Ехал на извозчике и Тёзкин. Он сидел в экипаже опустив голову, покачивался и от времени до времени повторял:
— И больше ничего!..

III

‘А и денег нет — перед деньгами, а и деньги есть — перед злыми дни’… Два дня таинственное море жизни скрывало в своих волнах без вести пропавшего Тёзкина. На третий день вернувшийся с богомолья Голенев узнал, что его молодой друг лежит в больнице. Дошло это известие и до Мосеича, и в ближайшее воскресенье они вместе отправились навестить больного.
В больнице надо было предварительно зайти в контору — узнать, в какой палате находится Тёзкин. Сторож сидел в конторе у письменного стола, положив ногу на ногу, и скручивал папироску. Голенев почтительно объяснил, что ему надо.

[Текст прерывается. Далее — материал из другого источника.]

(* Let $X$ be a robust $X$-set parameter and let $G$ and $G'$ be graphs such that $\mathfrak{X}(G)\cong\mathfrak{X}(G')$. If $X(K_1)=0$, or if $G$ and $G'$ both have no isolated vertices, then $|V(G)|=|V(G')|$ and there is a relabeling of the vertices of $G'$ (i.e., a bijection $\psi:V(G)\to V(G')$) such that for every $S\subseteq V(G)$, $S$ is an $X$-set of $G$ if and only if $\psi(S)$ is an $X$-set of $G'$.
   Context: All graphs are finite, simple, undirected, with nonempty vertex set. A super $X$-set parameter $X$ assigns to each graph $G$ a family of subsets of $V(G)$, called the $X$-sets of $G$, such that: every graph isomorphism $V(G)\to V(G')$ maps $X$-sets of $G$ to $X$-sets of $G'$; every graph has at least one $X$-set; and (Superset) if $S$ is an $X$-set of $G$ and $S\subseteq S'\subseteq V(G)$, then $S'$ is an $X$-set of $G$. The number $X(G)$ is the minimum cardinality of an $X$-set of $G$. A robust $X$-set parameter is a super $X$-set parameter that additionally satisfies: ($(n-1)$-set) if $G$ is connected of order $n\ge 2$, every set of $n-1$ vertices of $G$ is an $X$-set; (Component consistency) if $G_1,\dots,G_k$ are the connected components of $G$, then $S\subseteq V(G)$ is an $X$-set of $G$ if and only if $S\cap V(G_i)$ is an $X$-set of $G_i$ for every $i$. The $X$-TAR graph $\mathfrak{X}(G)$ has as vertices the $X$-sets of $G$, with $S_1S_2$ an edge iff $|S_1\ominus S_2|=1$ ($\ominus$ = symmetric difference). $K_1$ is the one-vertex graph. *)

From HB Require Import structures.
From mathcomp Require Import all_boot.
Set Implicit Arguments. Unset Strict Implicit. Unset Printing Implicit Defensive.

— Никого нет, — отрывисто объявил сторож. — Нельзя справиться.
На столе лежала раскрытая книга с алфавитом больных.
— Дозвольте нам самим справиться по книге, — с неизменною почтительностью проговорил Голенев и сделал шаг к столу.
— Мало что! — сказал сторож, закрывая книгу своей широкой ладонью.

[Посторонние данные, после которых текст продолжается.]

Theorem lemma3p3 (R : realType) (n : nat) (p y : 'rV[R]_n.+1) (r : R)
  (gamma : R -> 'rV[R]_n.+1) (h f1 f2 : R -> R) :
  (2 <= n)%N ->
  on_sphere p ->
  0 < r < pi / 2 ->
  on_sphere y -> gdist p y = r ->
  (* gamma : [r, pi] -> S^n is the unit-speed minimizing geodesic from y to -p *)
  (forall s, r <= s <= pi -> on_sphere (gamma s)) ->
  gamma r = y -> gamma pi = - p ->
  (forall s t, r <= s <= pi -> r <= t <= pi ->
     gdist (gamma s) (gamma t) = `|s - t|) ->
  (forall s, r <= s <= pi -> gdist p (gamma s) = s) ->
  smooth_on r pi h -> smooth_on r pi f1 -> smooth_on r pi f2 ->
  (forall x s, on_sphere x -> gdist p x = r -> x <> y -> r < s < pi ->
     is_derive s (1 : R)
       (fun u => f1 u * sin u ^+ 4 / (1 - cos (gdist x (gamma u)))
               + f2 u * sin u ^+ 4 / (1 - cos (gdist x (gamma u))) ^+ 2)
       (- 15 * sin r * dotv (Psi 6 (gamma s) x) (grad_dist p x) * h s
        - 3 * cos r * h s))
  <->
  (forall s, r < s < pi ->
     [/\ h s = f2 s * sin s ^+ 3,
         derive1 f1 s = (- 3 * cos s * f1 s + 3 * cos s * f2 s) / sin s
       & derive1 f2 s = ((cos r - cos s) * f1 s + (cos s - cos r) * f2 s) / sin s]).
Proof.
move=> n2 hp hr hy hpy hgs hgr _ hdist hdp _ sf1 sf2.
split=> [identity s hs | ode x s hx hxr _ hs].
- apply: (boundary_identity_ode hp hr hy hpy hgs hgr hdist hdp n2 hs
    (sf1 0%N s hs) (sf2 0%N s hs)) => x hx hxr hxy.
  exact: identity.
- exact: (ode_boundary_identity hp hr hy hpy hgs hgr hdist hdp hs
    (sf1 0%N s hs) (sf2 0%N s hs) (ode s hs) hx hxr).
Qed.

Голенев достал пятачок и положил на стол умилостивительную жертву. Тогда неприступное лицо сторожа приняло добродушное выражение.
— Ну, справляйся, кого тебе там надо, — сказал он и принялся опять свёртывать папироску.
Нашли, в какой палате лежит Тёзкин, и стали подыматься по широкой лестнице.
— Лекарственный запах! — наставительным тоном заметил Голенев. — Для груди очень пользительно.
— На то и больница, — отвечал Мосеич.
Они говорили шёпотом. В огромном, светлом каменном здании, среди высоких голых стен они казались себе маленькими и ничтожными как песчинки. Бледная, измождённая фигура в халате смотрела на них сверху, облокотившись о перила лестницы.
— Уж не Тёзкин ли? — шепнул Мосеич Голеневу.
— Один твой Тёзкин в больнице! — отозвался тот иронически.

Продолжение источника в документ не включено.